-- ENTRIES PROVIDED follows --

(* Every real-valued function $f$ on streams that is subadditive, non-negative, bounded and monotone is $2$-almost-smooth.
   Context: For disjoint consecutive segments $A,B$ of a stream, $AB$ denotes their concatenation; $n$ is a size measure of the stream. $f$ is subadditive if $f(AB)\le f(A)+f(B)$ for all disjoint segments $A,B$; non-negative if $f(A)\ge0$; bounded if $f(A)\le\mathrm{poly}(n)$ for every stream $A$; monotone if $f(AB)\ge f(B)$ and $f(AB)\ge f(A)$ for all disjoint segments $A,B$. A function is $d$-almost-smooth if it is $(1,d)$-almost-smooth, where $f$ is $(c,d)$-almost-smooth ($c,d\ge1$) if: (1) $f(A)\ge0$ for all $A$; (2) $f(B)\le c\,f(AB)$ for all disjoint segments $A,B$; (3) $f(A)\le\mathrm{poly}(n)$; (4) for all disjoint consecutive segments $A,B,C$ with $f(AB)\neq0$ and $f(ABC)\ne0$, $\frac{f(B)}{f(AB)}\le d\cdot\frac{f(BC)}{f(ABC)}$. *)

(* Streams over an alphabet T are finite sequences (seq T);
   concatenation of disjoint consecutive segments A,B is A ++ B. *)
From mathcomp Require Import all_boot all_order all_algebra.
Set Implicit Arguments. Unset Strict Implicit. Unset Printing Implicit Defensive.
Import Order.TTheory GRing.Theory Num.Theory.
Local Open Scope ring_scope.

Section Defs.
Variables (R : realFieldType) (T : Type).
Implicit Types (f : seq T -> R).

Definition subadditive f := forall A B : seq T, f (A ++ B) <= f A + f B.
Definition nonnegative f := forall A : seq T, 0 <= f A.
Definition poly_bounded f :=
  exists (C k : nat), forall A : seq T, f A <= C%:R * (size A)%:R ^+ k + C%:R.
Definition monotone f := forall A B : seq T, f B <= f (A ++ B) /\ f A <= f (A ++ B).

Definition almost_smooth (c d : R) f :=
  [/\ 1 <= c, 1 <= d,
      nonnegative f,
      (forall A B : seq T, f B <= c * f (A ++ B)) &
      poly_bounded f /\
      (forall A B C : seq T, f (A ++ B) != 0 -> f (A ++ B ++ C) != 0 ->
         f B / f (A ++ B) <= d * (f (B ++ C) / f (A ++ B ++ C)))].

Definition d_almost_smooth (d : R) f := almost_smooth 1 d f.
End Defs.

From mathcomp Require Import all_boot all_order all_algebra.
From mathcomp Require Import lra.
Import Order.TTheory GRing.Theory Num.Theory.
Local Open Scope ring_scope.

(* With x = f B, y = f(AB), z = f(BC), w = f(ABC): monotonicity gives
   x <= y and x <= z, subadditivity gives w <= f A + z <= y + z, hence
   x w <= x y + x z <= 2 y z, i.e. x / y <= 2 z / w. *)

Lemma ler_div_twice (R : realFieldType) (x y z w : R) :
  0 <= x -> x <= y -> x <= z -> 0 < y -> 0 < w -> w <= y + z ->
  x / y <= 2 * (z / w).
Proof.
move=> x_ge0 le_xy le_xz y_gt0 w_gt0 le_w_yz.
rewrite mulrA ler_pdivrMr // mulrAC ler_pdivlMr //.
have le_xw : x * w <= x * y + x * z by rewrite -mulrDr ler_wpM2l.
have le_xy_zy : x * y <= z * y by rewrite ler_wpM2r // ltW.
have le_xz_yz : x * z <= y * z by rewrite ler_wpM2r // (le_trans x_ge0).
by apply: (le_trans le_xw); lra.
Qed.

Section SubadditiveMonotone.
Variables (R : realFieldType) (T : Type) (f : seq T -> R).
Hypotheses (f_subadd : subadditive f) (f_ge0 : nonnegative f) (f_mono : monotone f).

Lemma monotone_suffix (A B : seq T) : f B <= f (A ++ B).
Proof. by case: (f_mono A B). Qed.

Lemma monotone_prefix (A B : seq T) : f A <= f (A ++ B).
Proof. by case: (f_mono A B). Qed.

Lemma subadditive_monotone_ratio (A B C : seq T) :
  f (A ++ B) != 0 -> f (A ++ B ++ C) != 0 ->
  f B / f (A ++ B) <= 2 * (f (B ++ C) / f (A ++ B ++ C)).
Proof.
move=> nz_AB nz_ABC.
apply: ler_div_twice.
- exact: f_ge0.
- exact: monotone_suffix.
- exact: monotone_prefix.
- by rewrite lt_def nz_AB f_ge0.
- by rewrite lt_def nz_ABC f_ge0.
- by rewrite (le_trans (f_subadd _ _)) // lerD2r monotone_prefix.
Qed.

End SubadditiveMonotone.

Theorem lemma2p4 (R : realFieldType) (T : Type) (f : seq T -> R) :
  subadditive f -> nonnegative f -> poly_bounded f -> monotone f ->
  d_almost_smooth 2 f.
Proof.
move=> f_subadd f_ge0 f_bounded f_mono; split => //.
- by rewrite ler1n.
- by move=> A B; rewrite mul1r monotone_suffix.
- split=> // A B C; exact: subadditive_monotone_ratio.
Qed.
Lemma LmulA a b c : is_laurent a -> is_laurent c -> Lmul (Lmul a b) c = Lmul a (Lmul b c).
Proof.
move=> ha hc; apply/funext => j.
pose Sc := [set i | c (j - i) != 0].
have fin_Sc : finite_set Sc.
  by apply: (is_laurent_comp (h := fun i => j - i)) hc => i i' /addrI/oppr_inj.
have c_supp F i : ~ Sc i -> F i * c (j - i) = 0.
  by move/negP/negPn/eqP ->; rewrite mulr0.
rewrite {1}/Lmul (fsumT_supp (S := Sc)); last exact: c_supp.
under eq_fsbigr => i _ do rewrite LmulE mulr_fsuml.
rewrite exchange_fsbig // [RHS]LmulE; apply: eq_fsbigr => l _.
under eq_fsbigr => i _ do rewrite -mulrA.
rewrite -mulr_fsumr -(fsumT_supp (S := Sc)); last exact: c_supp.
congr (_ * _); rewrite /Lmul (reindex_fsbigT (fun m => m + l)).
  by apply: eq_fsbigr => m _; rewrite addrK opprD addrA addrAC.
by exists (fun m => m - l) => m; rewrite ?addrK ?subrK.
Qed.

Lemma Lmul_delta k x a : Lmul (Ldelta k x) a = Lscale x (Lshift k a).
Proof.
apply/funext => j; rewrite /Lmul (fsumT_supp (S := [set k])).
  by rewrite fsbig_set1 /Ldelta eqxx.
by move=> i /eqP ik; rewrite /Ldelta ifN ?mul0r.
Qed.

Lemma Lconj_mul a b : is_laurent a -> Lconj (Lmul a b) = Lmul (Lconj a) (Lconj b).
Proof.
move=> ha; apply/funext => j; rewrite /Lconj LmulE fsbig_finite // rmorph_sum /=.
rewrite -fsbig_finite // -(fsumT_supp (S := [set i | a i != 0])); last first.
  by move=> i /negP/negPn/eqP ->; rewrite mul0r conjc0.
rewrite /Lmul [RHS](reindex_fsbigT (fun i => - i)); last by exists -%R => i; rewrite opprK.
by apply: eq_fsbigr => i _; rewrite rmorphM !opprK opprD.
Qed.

-- ENTRIES PROVIDED concluded --

# WHAT IS NEEDED
Identify every line above with the string "last" in it. Copy those lines.

# TASK SOLUTION
rewrite {1}/Lmul (fsumT_supp (S := Sc)); last exact: c_supp.
rewrite -mulr_fsumr -(fsumT_supp (S := Sc)); last exact: c_supp.
rewrite -fsbig_finite // -(fsumT_supp (S := [set i | a i != 0])); last first.
rewrite /Lmul [RHS](reindex_fsbigT (fun i => - i)); last by exists -%R => i; rewrite opprK.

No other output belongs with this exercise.